3.3. Roles of Exosomal lncRNAs in Drug Resistance

Although several anti-tumor drugs provide opportunities for gastrointestinal cancer therapy, drug resistance-induced unsatisfactory treatment effects remain a major challenge. Decreased drug uptake and increased drug efflux caused by many factors are responsible for the reduced drug effectiveness. A recent study reveals that exosomal lncRNA SNHG11 is highly expressed in bevacizumab-resistant CRC cells [82]. The knockdown of SNHG11 alleviates bevacizumab resistance and inhibits cell proliferation and migration, indicating that exosomal lncRNA can regulate the drug sensitivity in tumor cells. Moreover, exosomes-mediated crosstalk between cells is reported to endow tumor cells with drug resistance by transporting lncRNAs in the tumor microenvironment. Carcinoma-associated fibroblasts release exosomal lncRNA H19 and CCAL to activate the β-catenin pathway in CRC cells, thus accelerating tumor development and chemoresistance [83,84]. The enrichment of lncRNA CRNDE in M2-polarized macrophage-derived exosomes promotes the tumor growth in cisplatin-treated nude mice by downregulating phosphatase and tensin homolog (PTEN) expression in GC cells [85]. Increasing studies have suggested that various exosomal lncRNAs are involved in the dissemination of drug resistance from resistant cells to sensitive cells. For instance, CRC cells treated with exosomal lncRNA UCA1 derived from cetuximab-resistant cells exhibit increased cetuximab resistance [86]. Wang et al. demonstrate that lncRNA HOTTIP is upregulated in exosomes from cisplatin-resistant GC cells.
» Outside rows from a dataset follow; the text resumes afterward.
(** Once [n >= K sum |b_k| / q^(s+N)], the bound [|x_j| <= M q^j] propagates from the
    earlier terms to [x_n]; [M] is chosen to cover the finitely many terms before. *)
Lemma entire_coef_of_window_bound (x : nat -> R) (K : R) (n0 : nat) :
  0 <= K -> (s <= n0)%nat ->
  (forall n, (n0 <= n)%nat -> Rabs (x n) <= K / INR n * window_sum x n) ->
  entire_coef x.
Proof.
  intros HK Hn0 Hrec q Hq.
  set (q' := Rmin q 1).
  assert (Hq' : 0 < q' <= 1) by (split; [apply Rmin_pos; lra | apply Rmin_r]).
  set (Sb := sum_f_R0 (fun k => Rabs (b k)) N).
  assert (HSb : 0 <= Sb) by (apply cond_pos_sum; intros; apply Rabs_pos).
  assert (HqN : 0 < q' ^ (s + N)) by (apply pow_lt; lra).
  set (T := K * Sb / q' ^ (s + N)).
  assert (HT : 0 <= T) by (apply Rdiv_le_0_compat; [apply Rmult_le_pos|]; lra).
  destruct (nfloor_ex T HT) as [N1 HN1].
  set (M := sum_f_R0 (fun n => Rabs (x n) / q' ^ n) (N1 + n0)).
  assert (Hterm : forall n, 0 <= Rabs (x n) / q' ^ n).
  { intros n. apply Rdiv_le_0_compat; [apply Rabs_pos | apply pow_lt; lra]. }
  assert (HM : 0 <= M) by (apply cond_pos_sum, Hterm).
  assert (Hall : forall m, Rabs (x m) <= M * q' ^ m).
  { intros m. induction m as [m IH] using lt_wf_ind.
    assert (Hqm : 0 < q' ^ m) by (apply pow_lt; lra).
    destruct (Nat.le_gt_cases m (N1 + n0)) as [Hle | Hgt].
    - pose proof (sum_f_R0_term_le _ m _ Hterm Hle) as H. fold M in H.
      apply Rmult_le_compat_r with (r := q' ^ m) in H; [| lra].
      unfold Rdiv in H. rewrite Rmult_assoc, Rinv_l, Rmult_1_r in H by lra. exact H.
    - assert (Hm : T <= INR m).
      { apply Rle_trans with (INR (N1 + 1)); [rewrite plus_INR; simpl; lra|].
        apply le_INR. lia. }
      assert (Hm0 : 0 < INR m) by (apply lt_0_INR; lia).
      eapply Rle_trans; [apply Hrec; lia|].
      eapply Rle_trans.
      { apply Rmult_le_compat_l; [apply Rdiv_le_0_compat; lra|].
        apply (window_sum_le x M q' m); auto. lia. }
      fold Sb. replace (K / INR m * (M * q' ^ m / q' ^ (s + N) * Sb))
        with (T / INR m * (M * q' ^ m)) by (unfold T; field; lra).
      assert (T / INR m <= 1) by (exact (proj1 (Rdiv_le_1 T (INR m) Hm0) Hm)).
      assert (0 <= M * q' ^ m) by (apply Rmult_le_pos; lra).
      nra. }
  exists M. split; [exact HM|]. intros n.
  eapply Rle_trans; [apply Hall|].
  apply Rmult_le_compat_l; [exact HM|]. apply pow_incr. split; [lra | apply Rmin_l].
Qed.

End GrowthFromRecursion.

Fixpoint build_seq (step : list R -> nat -> R) (n : nat) : list R :=
  match n with
  | 0%nat => [step [] 0%nat]
  | S m => build_seq step m ++ [step (build_seq step m) (S m)]
  end.

Lemma build_seq_length (step : list R -> nat -> R) (n : nat) :
  length (build_seq step n) = S n.
Proof. induction n as [|n IH]; [reflexivity|]. simpl. rewrite length_app, IH. simpl. lia. Qed.

Lemma build_seq_nth (step : list R -> nat -> R) (m i : nat) : (i <= m)%nat ->
  nth i (build_seq step m) 0 = nth i (build_seq step i) 0.
Proof.
  intros Hi. induction m as [|m IH].
  - now replace i with 0%nat by lia.
  - destruct (Nat.eq_dec i (S m)) as [->|Hne]; [reflexivity|].
    simpl. rewrite app_nth1 by (rewrite build_seq_length; lia). apply IH. lia.
Qed.

Lemma build_seq_last (step : list R -> nat -> R) (m : nat) :
  nth (S m) (build_seq step (S m)) 0 = step (build_seq step m) (S m).
Proof.
  simpl. rewrite app_nth2 by (rewrite build_seq_length; lia).
  now rewrite build_seq_length, Nat.sub_diag.
Qed.

Lemma A_list_build_seq (n : nat) : A_list n = build_seq A_step n.
Proof. induction n as [|n IH]; [reflexivity|]. simpl. now rewrite IH. Qed.

Lemma B_list_build_seq (n : nat) : B_list n = build_seq B_step n.
Proof. induction n as [|n IH]; [reflexivity|]. simpl. now rewrite IH. Qed.

Lemma A_rec (n : nat) : (4 <= n)%nat ->
  A n = - (12 / (INR n * (INR n + 7))) *
        sum_f_R0 (fun k => a k * A (n - 4 - k)%nat) (Nat.min (n - 4) 17).
Proof.
  intros Hn. destruct n as [|m]; [lia|].
  unfold A at 1. rewrite A_list_build_seq, build_seq_last.
  assert (Hstep : forall l, A_step l (S m) = - (12 / (INR (S m) * (INR (S m) + 7))) *
    sum_f_R0 (fun k => a k * nth (S m - 4 - k) l 0) (Nat.min (S m - 4) 17)).
  { intros l. do 3 (destruct m as [|m]; [lia|]). reflexivity. }
  rewrite Hstep. f_equal. apply sum_eq. intros k _.
  rewrite build_seq_nth by lia. unfold A. now rewrite A_list_build_seq.
Qed.

Lemma B_rec (n : nat) : (4 <= n)%nat -> n <> 7%nat ->
  B n = - (12 / (INR n * (INR n - 7))) *
        sum_f_R0 (fun k => a k * B (n - 4 - k)%nat) (Nat.min (n - 4) 17).
Proof.
  intros Hn H7. destruct n as [|m]; [lia|].
  unfold B at 1. rewrite B_list_build_seq, build_seq_last.
  assert (Hstep : forall l, B_step l (S m) = - (12 / (INR (S m) * (INR (S m) - 7))) *
    sum_f_R0 (fun k => a k * nth (S m - 4 - k) l 0) (Nat.min (S m - 4) 17)).
  { intros l. do 3 (destruct m as [|m]; [lia|]).
    destruct m as [|[|[|[|m]]]]; [reflexivity | reflexivity | reflexivity | lia | reflexivity]. }
  rewrite Hstep. f_equal. apply sum_eq. intros k _.
  rewrite build_seq_nth by lia. unfold B. now rewrite B_list_build_seq.
Qed.

Lemma entire_coef_A : entire_coef A.
Proof.
  apply (entire_coef_of_window_bound a 4 17 ltac:(lia) A 12 8); [lra | lia|].
  intros n Hn.
  apply Rabs_rec_le with (c := 12 / (INR n * (INR n + 7))); [| now apply A_rec; lia].
  assert (H8 : 8 <= INR n) by (replace 8 with (INR 8) by (simpl; lra); now apply le_INR).
  split; [apply Rdiv_le_0_compat; nra|].
  unfold Rdiv. apply Rmult_le_compat_l; [lra|]. apply Rinv_le_contravar; nra.
Qed.

Lemma entire_coef_B : entire_coef B.
Proof.
  apply (entire_coef_of_window_bound a 4 17 ltac:(lia) B 12 8); [lra | lia|].
  intros n Hn.
  apply Rabs_rec_le with (c := 12 / (INR n * (INR n - 7))); [| now apply B_rec; lia].
  assert (H8 : 8 <= INR n) by (replace 8 with (INR 8) by (simpl; lra); now apply le_INR).
  split; [apply Rdiv_le_0_compat; nra|].
  unfold Rdiv. apply Rmult_le_compat_l; [lra|]. apply Rinv_le_contravar; nra.
Qed.

Lemma A_ode_rec (n : nat) :
  INR (S n) * (INR n + 8) * A (S n) + 12 * shiftk 3 (conv a 17 A) n = 0.
Proof.
  unfold shiftk. destruct (Nat.leb 3 n) eqn:E.
  - apply Nat.leb_le in E. rewrite conv_min, (A_rec (S n)) by lia.
    replace (S n - 4)%nat with (n - 3)%nat by lia.
    rewrite S_INR. pose proof (pos_INR n). field. lra.
  - apply Nat.leb_gt in E.
    destruct n as [|[|[|n]]];
      [change (A 1) with 0 | change (A 2) with 0 | change (A 3) with 0 | lia];
      ring.
Qed.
HOTTIP promotes the cisplatin resistance in sensitive GC cells through the regulation on high mobility group A1 (HMGA1)/miR-218 axis [87]. Mitomycin-resistant CRC cells-derived exosomes-mediated transfer of lncRNA HOTTIP also contributes to the mitomycin resistance by modulating miR-214/karyopherin subunit alpha 3 (KPNA3) pathway [88]. These findings highlight the vital role of exosomal lncRNAs in drug resistance. The combined application of a specific lncRNA inhibitor and anti-tumor drug may improve the therapeutic effects on gastrointestinal cancer.
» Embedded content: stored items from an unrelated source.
Lemma exp_utility_divergence_le q : feasible n q ->
  exp_utility q + \sum_(1 <= i < n.+1) w i * exp_divergence (p i) (q i)
  <= exp_utility p.
Proof.
case: p_feasible => Sp _ [Sq q_ge0].
have grad_p : \sum_(1 <= i < n.+1) grad p i * p i = a * nu.
  rewrite -[RHS]mulr1 -Sp mulr_sumr; apply: eq_big_nat => i /andP[i1 iN].
  have [->|p0] := eqVneq (p i) 0; first by rewrite !mulr0.
  have iN' : (1 <= i <= n)%N by rewrite i1 -ltnS.
  by rewrite /grad -(tilted_support iN' p0); ring.
have grad_q : \sum_(1 <= i < n.+1) grad p i * q i <= a * nu.
  rewrite -[_ * nu]mulr1 -Sq mulr_sumr; apply: ler_sum_nat => i /andP[i1 iN].
  have iN' : (1 <= i <= n)%N by rewrite i1 -ltnS.
  apply: ler_wpM2r; first exact: q_ge0.
  rewrite /grad mulrAC mulrC.
  by apply: ler_wpM2l; [exact: ltW | exact: tilted_le].
have := exp_utility_expansion p q.
rewrite (eq_bigr _ (fun i _ => mulrBr (grad p i) (q i) (p i))) sumrB grad_p.
lra.
Qed.

Lemma weighted_divergence_ge0 q i : (1 <= i < n.+1)%N ->
  0 <= w i * exp_divergence (p i) (q i).
Proof.
case/andP=> i1 iN; rewrite mulr_ge0 ?exp_divergence_ge0 // ltW // w_gt0 //.
by rewrite i1 -ltnS.
Qed.

Lemma exp_utility_le q : feasible n q -> exp_utility q <= exp_utility p.
Proof.
move=> /exp_utility_divergence_le; apply: le_trans; rewrite lerDl big_nat_cond.
by apply: sumr_ge0 => i /andP[+ _]; exact: weighted_divergence_ge0.
Qed.

Lemma exp_utility_maximizer_unique q : feasible n q ->
  exp_utility p <= exp_utility q -> forall i, (1 <= i <= n)%N -> q i = p i.
Proof.
move=> fq le_pq i /andP[i1 iN].
have : \sum_(1 <= j < n.+1) w j * exp_divergence (p j) (q j) == 0.
  rewrite eq_le big_nat_cond sumr_ge0 ?andbT -?big_nat_cond.
    by have := exp_utility_divergence_le fq; lra.
  by move=> j /andP[+ _]; exact: weighted_divergence_ge0.
rewrite big_nat_cond psumr_eq0; last by move=> j /andP[+ _]; exact: weighted_divergence_ge0.
move=> /allP /(_ i); rewrite mem_index_iota i1 ltnS iN /= => /(_ isT).
rewrite mulf_eq0 gt_eqF ?w_gt0 ?i1 //= => /eqP; exact: exp_divergence_eq0.
Qed.

End ExpUtility.

Section Offloading.
Variables (R : realType) (Nf : nat) (beta lam rc : R).
Hypotheses (lam_gt0 : 0 < lam) (rc_gt0 : 0 < rc).

Let a := lam * pi * rc ^+ 2.

Lemma coverage_gt0 : 0 < a.
Proof. by rewrite !mulr_gt0 ?exprn_gt0 ?pi_gt0. Qed.

Lemma natr_powRN i : (0 < i)%N -> i%:R `^ (- beta) = expR (- beta * ln i%:R) :> R.
Proof. by move=> i0; rewrite -ln_powR lnK // posrE powR_gt0 // ltr0n. Qed.

Lemma zipf_norm_gt0 : (0 < Nf)%N ->
  0 < \sum_(1 <= j < Nf.+1) (j%:R : R) `^ (- beta).
Proof.
move=> Nf0; rewrite big_ltn ?ltnS //; apply: ltr_wpDr.
  by apply: sumr_ge0 => j _; exact: powR_ge0.
by rewrite powR_gt0 ?ltr0n.
Qed.

Lemma pr_gt0 i : (1 <= i <= Nf)%N -> 0 < pr Nf beta i.
Proof.
case/andP=> i1 iN; rewrite divr_gt0 ?zipf_norm_gt0 ?powR_gt0 ?ltr0n //.
exact: leq_trans iN.
Qed.

Lemma offloadingE q : offloading Nf beta lam rc q = exp_utility Nf a (pr Nf beta) q.
Proof.
by apply: eq_bigr => i _; rewrite /a; congr (_ * (1 - expR (- _))); ring.
Qed.

Lemma is_the_optimal_solution_KKT p nu : feasible Nf p ->
  (forall i, (1 <= i <= Nf)%N -> pr Nf beta i * expR (- (a * p i)) <= nu) ->
  (forall i, (1 <= i <= Nf)%N -> p i != 0 ->
     pr Nf beta i * expR (- (a * p i)) = nu) ->
  is_the_optimal_solution Nf beta lam rc p.
Proof.
move=> fp le_nu eq_nu.
have opt q : feasible Nf q -> offloading Nf beta lam rc q <= offloading Nf beta lam rc p.
  by rewrite !offloadingE; exact: (exp_utility_le coverage_gt0 pr_gt0 fp le_nu eq_nu).
split=> [//|q [fq opt_q]].
apply: (exp_utility_maximizer_unique coverage_gt0 pr_gt0 fp le_nu eq_nu fq).
by rewrite -!offloadingE; exact: opt_q.
Qed.

Lemma is_the_optimal_solution_eq_on p p' :
  (forall i, (1 <= i <= Nf)%N -> p i = p' i) ->
  is_the_optimal_solution Nf beta lam rc p ->
  is_the_optimal_solution Nf beta lam rc p'.
Proof.
move=> e [[[Sp p_ge0] opt_p] uniq_p].
have e' i : (1 <= i < Nf.+1)%N -> p i = p' i by rewrite ltnS => /e.
have off : offloading Nf beta lam rc p = offloading Nf beta lam rc p'.
  by apply: eq_big_nat => i /e' ->.
have fp' : feasible Nf p'.
  split=> [|i iN]; last by rewrite -e ?p_ge0.
  by rewrite -Sp; apply: eq_big_nat => i /e' ->.
split=> [|q opt_q i iN]; first by split=> // q /opt_p; rewrite off.
by rewrite -e // uniq_p.
Qed.

End Offloading.

Definition waterfill {R : realType} (k : nat) (beta a : R) (i : nat) : R :=
  if (i <= k)%N then
    beta / (a * k%:R) * (\sum_(1 <= j < k.+1) ln (j%:R / i%:R)) + k%:R^-1
  else 0.

(* The constant c of the profile p_i = c - (beta / a) ln i, fixed by
   sum_(i <= k) p_i = 1. *)
Definition water_level {R : realType} (k : nat) (beta a : R) : R :=
  (beta * ln k`!%:R + a) / (a * k%:R).

Section Waterfilling.
Variables (R : realType) (k : nat) (beta a : R).
Hypotheses (k_gt0 : (0 < k)%N) (beta_gt0 : 0 < beta) (a_gt0 : 0 < a).

Let k_gt0R : 0 < k%:R :> R. Proof. by rewrite ltr0n. Qed.

Lemma waterfillE i : (1 <= i <= k)%N ->
  waterfill k beta a i = water_level k beta a - beta / a * ln i%:R.
Proof.
move=> /andP[i1 ik]; rewrite /waterfill ik /water_level ln_fact.
have -> : \sum_(1 <= j < k.+1) ln (j%:R / i%:R) =
          \sum_(1 <= j < k.+1) ln (j%:R : R) - k%:R * ln (i%:R : R).
  rewrite (eq_big_nat _ _ (F2 := fun j => ln (j%:R : R) - ln i%:R)); last first.
    by move=> j /andP[j1 _]; rewrite ln_div // posrE ltr0n.
  by rewrite sumrB sumr_const_nat subn1 /= mulr_natl.
by field; rewrite !gt_eqF.
Qed.

Lemma waterfill_eq0 i : (k < i)%N -> waterfill k beta a i = 0.
Proof. by rewrite /waterfill ltnNge => /negbTE ->. Qed.

Lemma sum_waterfill n : (k <= n)%N -> \sum_(1 <= i < n.+1) waterfill k beta a i = 1.
Proof.
move=> kn; rewrite (big_cat_nat (n := k.+1)) //= [X in _ + X]big1_seq ?addr0.
  rewrite (eq_big_nat _ _ (F2 := fun i => water_level k beta a - beta / a * ln i%:R));
    last exact: waterfillE.
  rewrite sumrB sumr_const_nat subn1 /= -mulr_natl -mulr_sumr -ln_fact /water_level.
  by field; rewrite !gt_eqF.
by move=> i /andP[_]; rewrite mem_index_iota => /andP[ki _]; exact: waterfill_eq0.
Qed.

Lemma waterfill_gt0 i : k%:R ^+ k / k`!%:R < expR (a / beta) ->
  (1 <= i <= k)%N -> 0 < waterfill k beta a i.
Proof.
move=> Fk /[dup] ik /andP[i1 ile]; rewrite waterfillE //.
move: Fk; rewrite -ltr_ln ?posrE ?expR_gt0 ?divr_gt0 ?exprn_gt0 ?ltr0n ?fact_gt0 //.
rewrite expRK ln_pow_div_fact // ltr_pdivlMr // => Fk.
have lnik : ln (i%:R : R) <= ln k%:R by rewrite ler_ln ?posrE ?ltr0n ?ler_nat.
rewrite subr_gt0 /water_level ltr_pdivlMr ?mulr_gt0 //.
rewrite (_ : beta / a * _ * _ = beta * (k%:R * ln i%:R)); last by field; rewrite gt_eqF.
have : beta * (k%:R * ln i%:R) <= beta * (k%:R * ln k%:R).
  by rewrite ler_pM2l // ler_pM2l.
nra.
Qed.

Lemma zipf_tilted_eq i : (1 <= i <= k)%N ->
  i%:R `^ (- beta) * expR (- (a * waterfill k beta a i))
  = expR (- (a * water_level k beta a)).
Proof.
move=> ik; rewrite natr_powRN ?waterfillE //; last by case/andP: ik.
by rewrite -expRD; congr expR; field; rewrite gt_eqF.
Qed.

Lemma zipf_tilted_le i : expR (a / beta) <= k.+1%:R ^+ k / k`!%:R ->
  (k < i)%N ->
  i%:R `^ (- beta) * expR (- (a * waterfill k beta a i))
  <= expR (- (a * water_level k beta a)).
Proof.
move=> Gk ki; rewrite waterfill_eq0 // mulr0 oppr0 expR0 mulr1.
rewrite natr_powRN; last exact: leq_trans k_gt0 (ltnW ki).
rewrite ler_expR mulNr lerN2.
move: Gk; rewrite -ler_ln ?posrE ?expR_gt0 ?divr_gt0 ?exprn_gt0 ?ltr0n ?fact_gt0 //.
rewrite expRK ln_pow_div_fact ?ltr0n // ler_pdivrMr // => Gk.
have lnki : ln (k.+1%:R : R) <= ln i%:R.
  by rewrite ler_ln ?posrE ?ltr0n ?ler_nat // (leq_trans _ ki).
have -> : a * water_level k beta a = (beta * ln k`!%:R + a) / k%:R.
  by rewrite /water_level; field; rewrite !gt_eqF.
rewrite ler_pdivrMr //.
have : beta * (k%:R * ln k.+1%:R) <= beta * (k%:R * ln i%:R).
  by rewrite ler_pM2l // ler_pM2l.
nra.
Qed.

End Waterfilling.

Lemma waterfill_optimal (R : realType) (Nf k : nat) (beta lam rc : R) :
  0 < beta -> 0 < lam -> 0 < rc -> (1 <= k <= Nf)%N ->
  k%:R ^+ k / k`!%:R < expR (lam * pi * rc ^+ 2 / beta) ->
  ((k < Nf)%N -> expR (lam * pi * rc ^+ 2 / beta) <= k.+1%:R ^+ k / k`!%:R) ->
  is_the_optimal_solution Nf beta lam rc (waterfill k beta (lam * pi * rc ^+ 2)).
Proof.
move=> beta0 lam0 rc0 /andP[k1 kN] Fk Gk.
have a0 := coverage_gt0 lam0 rc0; set a := lam * pi * rc ^+ 2 in a0 Fk Gk *.
pose Z := \sum_(1 <= j < Nf.+1) (j%:R : R) `^ (- beta).
apply: (@is_the_optimal_solution_KKT _ _ _ _ _ lam0 rc0 _
  (expR (- (a * water_level k beta a)) / Z)) => [|i iN|i iN].
- split; first exact: sum_waterfill.
  move=> i /andP[i1 iN]; have [ik|ki] := leqP i k; last by rewrite waterfill_eq0.
  by rewrite ltW // waterfill_gt0 // i1.
- rewrite /pr -/Z -/a mulrAC ler_pM2r ?invr_gt0 ?zipf_norm_gt0 ?(leq_trans k1 kN) //.
  have [ik|ki] := leqP i k; first by rewrite zipf_tilted_eq // (andP iN).1.
  by apply: zipf_tilted_le => //; apply: Gk; apply: leq_trans ki _; case/andP: iN.
- have [ik|ki] := leqP i k; last by rewrite waterfill_eq0 ?eqxx.
  by move=> _; rewrite /pr -/Z -/a mulrAC zipf_tilted_eq // (andP iN).1.
Qed.

Lemma exists_crossing (R : realType) (f : nat -> R) (E : R) (n : nat) :
  f 1%N < E -> E <= f n.+1 ->
  exists k, [/\ (1 <= k <= n)%N, f k < E & E <= f k.+1].
Proof.
move=> f1; elim: n => [|n IH] fn; first by move: f1; rewrite ltNge fn.
have [fnE|/IH [k [/andP[k1 kn] fk fk1]]] := ltP (f n.+1) E.
  by exists n.+1; split => //; rewrite ltnS leqnn.
by exists k; split; rewrite ?k1 ?leqW.
Qed.

Lemma threshold_bounds (R : realType) (Nf k : nat) (x : R) : (1 <= k <= Nf)%N ->
  k%:R ^+ k / k`!%:R < expR x -> expR x <= k.+1%:R ^+ k / k`!%:R ->
  x - 1 <= k%:R /\ k%:R <= x + ln (Num.sqrt (2 * pi * Nf%:R)) + 1.
Proof.
move=> /andP[k1 kN] Fk Gk.
have pos_ratio m : (0 < m)%N -> 0 < m%:R ^+ k / k`!%:R :> R.
  by move=> m0; rewrite divr_gt0 ?exprn_gt0 ?ltr0n ?fact_gt0.
split.
  move: Gk; rewrite -ler_ln ?posrE ?expR_gt0 ?pos_ratio // expRK => Gk.
  by have := ln_pow_succ_div_fact_le R k; lra.
move: Fk; rewrite -ltr_ln ?posrE ?expR_gt0 ?pos_ratio // expRK => Fk.
have kN2pi : k%:R <= 2 * pi * Nf%:R :> R.
  have : k%:R <= Nf%:R :> R by rewrite ler_nat.
  by have := pi_ge2 R; have := ler0n R Nf; nra.
have Nf0 : 0 < 2 * pi * Nf%:R :> R by rewrite !mulr_gt0 ?pi_gt0 ?ltr0n ?(leq_trans k1 kN).
have ln_sqrt : ln (Num.sqrt (2 * pi * Nf%:R)) = ln (2 * pi * Nf%:R) / 2 :> R.
  by rewrite -{2}(sqr_sqrtr (ltW Nf0)) lnXn ?sqrtr_gt0 // mulr2n; field.
have ln_k : ln (k%:R : R) <= ln (2 * pi * Nf%:R) by rewrite ler_ln ?posrE ?ltr0n.
by have := ln_pow_div_fact_ge R k1; lra.
Qed.

Theorem proposition1 (R : realType) (Nf : nat) (beta lam rc : R) :
  (1 <= Nf)%N -> 0 < beta -> 0 < lam -> 0 < rc ->
  (((Nf%:R ^+ Nf) / (Nf`!)%:R < expR (lam * pi * rc ^+ 2 / beta)) ->
     is_the_optimal_solution Nf beta lam rc
       (fun i : nat =>
          beta / (lam * pi * rc ^+ 2 * Nf%:R)
            * (\sum_(1 <= j < Nf.+1) ln (j%:R / i%:R)) + Nf%:R^-1))
  /\
  (~ ((Nf%:R ^+ Nf) / (Nf`!)%:R < expR (lam * pi * rc ^+ 2 / beta)) ->
     exists istar : nat,
       [/\ (1 <= istar <= Nf)%N,
           expR (lam * pi * rc ^+ 2 / beta)
             <= ((istar.+1)%:R ^+ istar) / (istar`!)%:R,
           (istar%:R ^+ istar) / (istar`!)%:R
             < expR (lam * pi * rc ^+ 2 / beta),
           lam * pi * rc ^+ 2 / beta - 1 <= istar%:R /\
           istar%:R <= lam * pi * rc ^+ 2 / beta
                       + ln (Num.sqrt (2 * pi * Nf%:R)) + 1 &
           is_the_optimal_solution Nf beta lam rc
             (fun i : nat =>
                if (i <= istar)%N then
                  beta / (lam * pi * rc ^+ 2 * istar%:R)
                    * (\sum_(1 <= j < istar.+1) ln (j%:R / i%:R))
                  + istar%:R^-1
                else 0)]).
Proof.
move=> Nf1 beta0 lam0 rc0; set x := lam * pi * rc ^+ 2 / beta.
have x0 : 0 < x by rewrite divr_gt0 ?coverage_gt0.
split=> [FNf|notFNf].
  apply: is_the_optimal_solution_eq_on (waterfill_optimal beta0 lam0 rc0 _ FNf _).
  - by move=> i /andP[_ iN]; rewrite /waterfill iN.
  - by rewrite Nf1 leqnn.
  - by rewrite ltnn.
have F1 : 1%:R ^+ 1 / 1`!%:R < expR x by rewrite expr1 divr1 expR_gt1.
have FNf : expR x <= Nf.-1.+1%:R ^+ Nf.-1.+1 / Nf.-1.+1`!%:R.
  by rewrite prednK // leNgt; apply/negP.
have [k [/andP[k1 kN] Fk]] :=
  exists_crossing (f := fun m => m%:R ^+ m / m`!%:R) F1 FNf.
rewrite pow_div_fact_succ => Gk.
have kNf : (1 <= k <= Nf)%N by rewrite k1 (leq_trans kN) ?leq_pred.
exists k; split => //; first exact: threshold_bounds kNf Fk Gk.
exact: waterfill_optimal beta0 lam0 rc0 kNf Fk (fun _ => Gk).
Qed.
4. Exosomal lncRNAs as Potential Biomarkers of Gastrointestinal Cancer

Due to the lack of early symptoms, most patients with gastrointestinal cancer are diagnosed in the intermediate or terminal stage [91]. Researchers need to develop novel methods for the early diagnosis of gastrointestinal cancer to reduce the mortality. In recent years, exosomes are emerging as a major content of liquid biopsy and exist in biologic fluids, such as blood, urine, semen, and saliva [92]. During the occurrence and development of many diseases, exosomes contain specific bioactive molecules to reflect the pathological state of source cells [93]. The bilayer phospholipid structure also prevents the cargos from degradation. Although exosomes are a relatively smaller component of EVs, most lncRNAs display elevated levels in exosomes than that in apoptotic bodies and microvesicles [94]. The high abundance, stability, and specificity endow various exosomal lncRNAs with the potential to serve as biomarkers of gastrointestinal cancer.
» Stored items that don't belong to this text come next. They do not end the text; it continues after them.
(* Any saved copy of p_i's signature was saved earlier by a correct process
   (its sender, or its signer when it comes from a Byzantine one), back to the
   single broadcast of p_i with sequence number sn. *)
Lemma own_signature_msg x p m' : i \in saved (sb p x) m' sn i -> m' = m.
Proof.
have [correct [_ [origin [_ [byz [once _]]]]]] := valid.
elim: x {-2}x (leqnn x) p => [|x IH] y.
  by rewrite leqn0 => /eqP-> p; rewrite state_before0 inE.
rewrite leq_eqVlt => /orP [/eqP->|]; last exact: IH.
move=> p; rewrite state_beforeS; case h: (onth ev x) => [e|]; last exact: IH.
case: eqP => [hp|_]; last exact: IH.
case/step_saved_own_sig => [|[hin hq]|[[k r|b] [sigs [hin hi]]]]; first exact: IH.
- have hpr : e_proc e = e_proc (Event i tau0 (InBcast n m sn)) by rewrite hp hq.
  have x_eq := once _ _ _ _ _ _ _ h bcast hpr hin erefl.
  move: h; rewrite x_eq bcast => -[E].
  by move: hin; rewrite -E => -[].
- have [hk [ek [hek [hout _]]]] := origin _ _ _ _ _ h hin.
  rewrite (out_atE t hek) in hout; have [hsig _] := step_out_bundle hout.
  rewrite /= -(state_before_event t hek) in hsig.
  by apply: (IH k.+1 hk (e_proc ek)); rewrite -hsig.
- have [_ honest] := byz _ _ _ _ h hin.
  exact: (IH x (leqnn x) i (honest i hi (correct _ _ bcast))).
Qed.

Lemma delivery_event x p : deliv (sb p x) sn i ->
  exists z e, [/\ z < x, onth ev z = Some e, e_proc e = p & deliv_at t ev z = Some (m, sn, i)].
Proof.
elim: x p => [|x IH] p; first by rewrite state_before0.
case hd: (deliv (sb p x) sn i).
  by move=> _; have [z [e [hz He]]] := IH p hd; exists z, e; split=> //; apply: ltnW.
rewrite state_beforeS; case h: (onth ev x) => [e|]; last by rewrite hd.
case: eqP => [hp|_]; last by rewrite hd.
case/(step_deliv_new (negbT hd)) => m' [hres hin].
rewrite -hp -(state_before_event t h) in hin.
move: hres; rewrite (own_signature_msg hin) => hres.
by exists x, e; split=> //; rewrite (deliv_atE t h) hp.
Qed.

Lemma signing_event x p : signed (sb p x) sn i ->
  exists z e r S, [/\ z < x, onth ev z = Some e, e_proc e = p,
    onth (out_at t ev z) r = Some (Bundle m sn i S) & p \in S /\ i \in S].
Proof.
elim: x p => [|x IH] p; first by rewrite state_before0.
case hs: (signed (sb p x) sn i).
  move=> _; have [z [e [r [S [hz He]]]]] := IH p hs.
  by exists z, e, r, S; split=> //; apply: ltnW.
rewrite state_beforeS; case h: (onth ev x) => [e|]; last by rewrite hs.
case: eqP => [hp|_]; last by rewrite hs.
case/(step_signed_broadcast (negbT hs)) => r [m' [S [hout hpS]]].
have [hsig hiS] := step_out_bundle hout.
rewrite /= -hp -(state_before_event t h) hp in hsig hiS.
have Em : m' = m by apply: (own_signature_msg (x := x.+1) (p := p)); rewrite -hsig.
subst m'; exists x, e, r, S; split=> //.
by rewrite (out_atE t h) hp.
Qed.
Accumulating evidence has suggested that the circulating levels of exosomes-derived lncRNAs can help to predict the risk of tumor progression. Zhou et al. demonstrate that patients with GC have increased level of serum exosomal lncRNA H19 compared with healthy controls [95]. LncRNA NR038975, which is upregulated in serum exosomes from GC patients, promotes tumor cell proliferation, migration, and invasion by interacting with the NF90/NF45 complex [96]. The elevated lncRNA MIAT expression in serum-derived exosomes is closely associated with worse clinical variables and shorter survival, indicating that serum exosomal MIAT serves as an independent prognostic factor of GC [97]. Many attempts have been made to evaluate the clinical value of exosomal lncRNAs as diagnostic and prognostic biomarkers. Serum exosomal lncRNA GNAQ-6:1 from GC patients is expressed in low level and represents a new diagnostic biomarker with an area under ROC curve (AUC) value of 0.732 [98]. Exosomal lncUEGC1 is able to facilitate the detection of early GC patients from healthy individuals and those with premalignant chronic atrophic gastritis with great sensitivity and specificity [99]. The AUC values are 0.8760 and 0.8406, respectively. Circulating exosomal lncRNA-GC1 and HOTTIP present better diagnostic performance than CEA, CA72-4, and CA19-9 for distinguishing GC patients and healthy individuals [100]. Recent studies focus on the investigation of the relationship between exosomal lncRNAs and the tumor clinicopathological parameters. Pan et al. reveal that GC patients have elevated serum exosomal lncRNA ZFAS1 levels, which may contribute to the identification of lymphatic metastasis and TNM stage [101]. The results of Zheng et al. show that the increased expression of lncRNA SLC2A12-10:1 in plasma exosomes from GC patients is remarkably correlated with tumor size, TNM stage, lymph node metastasis, and differentiation degree [102]. Moreover, serum exosomal lncRNA PCSK2-2:1 is also considered as a potential diagnostic biomarker for GC due to the fact that the downregulation of PCSK2-2:1 can predict the tumor size, tumor stage, and venous invasion [103].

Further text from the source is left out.